# Data Exploration and Cleaning

### Ian Heung

In this notebook, we will use SQL clean the data saved onto the MySQL server in `data_preperation.ipynb`. The exploration and cleaning stage can also be done with Pandas, but SQL will be used here to apply concepts and skills learnt in the Google Data Analytics course. 

## Data Exploration

We will start by making a series of queries to reconfirm and verify our data is reading for cleaning and processing.

In [None]:
!pip install sqlalchemy PyMySQL ipython-sql --quiet

In [None]:
# imports
from getpass import getpass
from sqlalchemy import create_engine

In [None]:
# enter your login info for your SQL server
user = "root"
password = getpass() # used to hide your password

conn_str = f"mysql+pymysql://{user}:{password}@localhost:3306/"

In [None]:
# load SQL session
%load_ext sql

In [None]:
%sql {conn_str}

In [None]:
# confirm that the CyclisticDatabase database is there
%sql SHOW DATABASES;

In [None]:
%sql USE CyclisticDatabase;

Lets get some quick information and overview on our table, `combined_tripdata`

In [None]:
# check our colums and see their datatypes
%sql SHOW COLUMNS FROM combined_tripdata;

In [None]:
# Preview of the first 5 entries
%sql SELECT * FROM combined_tripdata LIMIT 5;

In [None]:
# number of rows
%sql SELECT COUNT(*) FROM combined_tripdata;

We can see that station_id has inconsistent naming, but it is not that important. It might be due to newer stations having different naming conventions, or something the company decided to do. Lets also explore what text fields are in each of in the text columns.

In [None]:
%%sql
-- ridable bike types and their ridecounts
SELECT rideable_type, COUNT(*) AS count
FROM combined_tripdata
GROUP BY rideable_type;

In [None]:
%%sql
-- number of unique start and end stations
SELECT COUNT(DISTINCT station_id) AS total_unique_stations
FROM (
    SELECT start_station_id AS station_id FROM combined_tripdata
    UNION
    SELECT end_station_id AS station_id FROM combined_tripdata
) AS all_stations;

In [None]:
%%sql
-- casual users and members and the number of counts
SELECT member_casual, COUNT(*) AS count
FROM combined_tripdata
GROUP BY member_casual;

Now, we have some general idea of the structure of the data, the number of stations, and the ratio between members and casual riders.
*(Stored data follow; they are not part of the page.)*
(* Let $G=(V,E)$ be a Blowfish policy graph that is a tree with $V=\mathcal{T}\cup\{\bot\}$, $|\mathcal{T}|=k$, and let $\mathbf{P}_G$ be the matrix constructed from $G$ as described in the context (it is then a square invertible $k\times k$ matrix with inverse $\mathbf{P}_G^{-1}$). Then any pair of databases $\mathbf{y},\mathbf{z}\in\mathbb{R}^k$ are neighbors according to the Blowfish policy $G$ if and only if $\mathbf{P}_G^{-1}\mathbf{y}$ and $\mathbf{P}_G^{-1}\mathbf{z}$ are neighboring databases according to unbounded differential privacy, i.e. $\mathbf{P}_G^{-1}\mathbf{y}-\mathbf{P}_G^{-1}\mathbf{z}=\pm\mathbf{e}_i$ for some standard unit vector $\mathbf{e}_i$.
   Context: Construction of $\mathbf{P}_G$: rows indexed by $\mathcal{T}$, columns indexed by $E$; for an edge $(u,v)$ with $u,v\ne\bot$ the column has a $1$ in row $u$, a $-1$ in row $v$ and zeros elsewhere; for an edge $(u,\bot)$ the column has a $1$ in row $u$ and zeros elsewhere. Databases are histogram vectors in $\mathbb{R}^k$ indexed by $\mathcal{T}$. $\mathbf{y},\mathbf{z}$ are Blowfish neighbors under $G$ iff $\mathbf{y}-\mathbf{z}=\pm(\mathbf{e}_u-\mathbf{e}_v)$ for some edge $(u,v)\in E$ with $u,v\neq\bot$, or $\mathbf{y}-\mathbf{z}=\pm\mathbf{e}_u$ for some edge $(u,\bot)\in E$. *)

From mathcomp Require Import all_boot all_order all_algebra.
Set Implicit Arguments. Unset Strict Implicit. Unset Printing Implicit Defensive.
Import Order.TTheory GRing.Theory Num.Theory.
Local Open Scope ring_scope.

(* Vertices of the policy graph: option 'I_k, with None = bot and
   Some i = the i-th domain value of T = 'I_k.
   The edge set E (|E| = k for a tree on k+1 vertices) is enumerated by
   edge : 'I_k -> vertex * vertex; column e of P_G corresponds to edge e. *)
Notation vertex k := (option 'I_k).

Definition adj k (edge : 'I_k -> vertex k * vertex k) : rel (vertex k) :=
  fun x y => [exists e, (edge e == (x, y)) || (edge e == (y, x))].

Definition simple_edges k (edge : 'I_k -> vertex k * vertex k) : Prop :=
  (forall e, (edge e).1 != (edge e).2) /\
  (forall e f, edge e = edge f \/ edge e = ((edge f).2, (edge f).1) -> e = f).

Definition connected_graph k (edge : 'I_k -> vertex k * vertex k) : Prop :=
  forall x y : vertex k, connect (adj edge) x y.

Definition acyclic_graph k (edge : 'I_k -> vertex k * vertex k) : Prop :=
  forall (x0 : vertex k) (p : seq (vertex k)),
    (2 <= size p)%N -> uniq (x0 :: p) -> path (adj edge) x0 p ->
    ~~ adj edge (last x0 p) x0.

Definition is_tree k (edge : 'I_k -> vertex k * vertex k) : Prop :=
  [/\ simple_edges edge, connected_graph edge & acyclic_graph edge].

Definition vvec (R : nzRingType) k (x : vertex k) : 'cV[R]_k :=
  if x is Some i then delta_mx i 0 else 0.

Definition PG (R : nzRingType) k (edge : 'I_k -> vertex k * vertex k) : 'M[R]_k :=
  \matrix_(i, e) (vvec R (edge e).1 i 0 - vvec R (edge e).2 i 0).

Definition blowfish_nbr (R : nzRingType) k (edge : 'I_k -> vertex k * vertex k)
  (y z : 'cV[R]_k) : Prop :=
  exists e, y - z = vvec R (edge e).1 - vvec R (edge e).2 \/
            y - z = - (vvec R (edge e).1 - vvec R (edge e).2).

Definition unbounded_dp_nbr (R : nzRingType) k (y z : 'cV[R]_k) : Prop :=
  exists i : 'I_k, y - z = delta_mx i 0 \/ y - z = - delta_mx i 0.

From mathcomp Require Import all_boot all_order all_algebra.
Set Implicit Arguments. Unset Strict Implicit. Unset Printing Implicit Defensive.
Import GRing.Theory.
Local Open Scope ring_scope.

(* Column e of P_G is e_u - e_v for the edge e = (u, v), so along any path
   x = x_0 - x_1 - ... - x_n the signed sum of the edge columns telescopes to
   e_x - e_(x_n).  Joining Some i to bot in the connected graph G thus puts
   every unit vector e_i in the column space of P_G, which is therefore
   invertible.  Since P_G maps e_e to the e-th Blowfish difference, P_G^-1
   maps Blowfish differences bijectively onto the differences +-e_i. *)

Section PolicyMatrix.

Variables (R : nzRingType) (k : nat) (edge : 'I_k -> vertex k * vertex k).

Lemma PG_delta e :
  PG R edge *m delta_mx e 0 = vvec R (edge e).1 - vvec R (edge e).2.
Proof. by rewrite -colE; apply/matrixP => i j; rewrite !mxE (ord1 j). Qed.

Lemma PG_path_telescope x p :
  path (adj edge) x p ->
  exists c, PG R edge *m c = vvec R x - vvec R (last x p).
Proof.
elim: p x => [|y p IHp] x /=; first by exists 0; rewrite mulmx0 subrr.
case/andP=> /existsP[e xy_e] /IHp[c Pc].
case/orP: xy_e => /eqP edge_e.
- exists (c + delta_mx e 0).
  by rewrite mulmxDr Pc PG_delta edge_e /= addrC addrA subrK.
- exists (c - delta_mx e 0).
  by rewrite mulmxBr Pc PG_delta edge_e /= opprB addrC addrA subrK.
Qed.

Lemma PG_delta_preimage :
  connected_graph edge -> forall i, exists c, PG R edge *m c = delta_mx i 0 :> 'cV_k.
Proof.
move=> connG i; have /connectP[p ip pbot] := connG (Some i) None.
by have [c Pc] := PG_path_telescope ip; exists c; rewrite Pc -pbot subr0.
Qed.

End PolicyMatrix.

Lemma unitmx_delta_preimage (R : comUnitRingType) n (A : 'M[R]_n) :
  (forall i, exists c, A *m c = delta_mx i 0 :> 'cV_n) -> A \in unitmx.
Proof.
move=> Asurj; have [f Af] := fin_all_exists Asurj.
suff /mulmx1_unit[] : A *m \matrix_(j, i) f i j 0 = 1%:M by [].
apply/matrixP=> a b; have /(congr1 (fun v : 'cV_n => v a 0)) := Af b.
rewrite !mxE eqxx andbT => <-.
by apply: eq_bigr => j _; rewrite !mxE.
Qed.

Lemma invmx_mulmx_eq (R : comUnitRingType) n (A : 'M[R]_n) (v w : 'cV[R]_n) :
  A \in unitmx -> (invmx A *m v = w) <-> (v = A *m w).
Proof. by move=> Au; split=> [<- | ->]; rewrite ?mulKVmx ?mulKmx. Qed.

Theorem lemma4p8 (R : realFieldType) (k : nat)
  (edge : 'I_k -> vertex k * vertex k) :
  is_tree edge ->
  PG R edge \in unitmx /\
  (forall y z : 'cV[R]_k,
     blowfish_nbr edge y z <->
     unbounded_dp_nbr (invmx (PG R edge) *m y) (invmx (PG R edge) *m z)).
Proof.
case=> _ connG _; set P := PG R edge.
have Pu : P \in unitmx by apply/unitmx_delta_preimage/PG_delta_preimage.
split=> // y z; rewrite /blowfish_nbr /unbounded_dp_nbr -mulmxBr.
split=> -[j nbr_j]; exists j; rewrite -PG_delta -mulmxN -/P in nbr_j *.
- by case: nbr_j => ->; [left | right]; apply/invmx_mulmx_eq.
- by case: nbr_j => /invmx_mulmx_eq-/(_ Pu) ->; [left | right].
Qed.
Lets also get some general aggregate statistics on our numerical values, the latitude and longitude data.

In [None]:
%%sql
SELECT 
    MAX(start_lat) AS max_start_lat,
    MAX(end_lat) AS max_end_lat,
    MIN(start_lat) AS min_start_lat,
    MIN(end_lat) AS min_end_lat,
    STDDEV(start_lat) AS std_start_lat,
    STDDEV(end_lat) AS std_end_lat,
    
    MAX(start_lng) AS max_start_lng,
    MAX(end_lng) AS max_end_lng,
    MIN(start_lng) AS min_start_lng,
    MIN(end_lng) AS min_end_lng,
    STDDEV(start_lng) AS std_start_lng,
    STDDEV(end_lng) AS std_end_lng
FROM combined_tripdata;

We see that the minimum and maximum end latitude and longitude for some rides are exactly 0.0. This doesn't make sense, since from a quick search, we can see that the latitude and longitude of Chicago is around (41.88, -87.62). Lets check the entries where the latitude or longitude are exactly 0.0.

In [None]:
%%sql
SELECT *
FROM combined_tripdata
WHERE end_lat = 0 OR end_lng = 0;

We see that there is one row that seems to have caused this issue. We know that even if there are null values, `MAX()` and `MIN()` will not count those values. Perhaps there was an issue with the location tracking system that returned 0.0 instead of null. In any case, we can remove this entry.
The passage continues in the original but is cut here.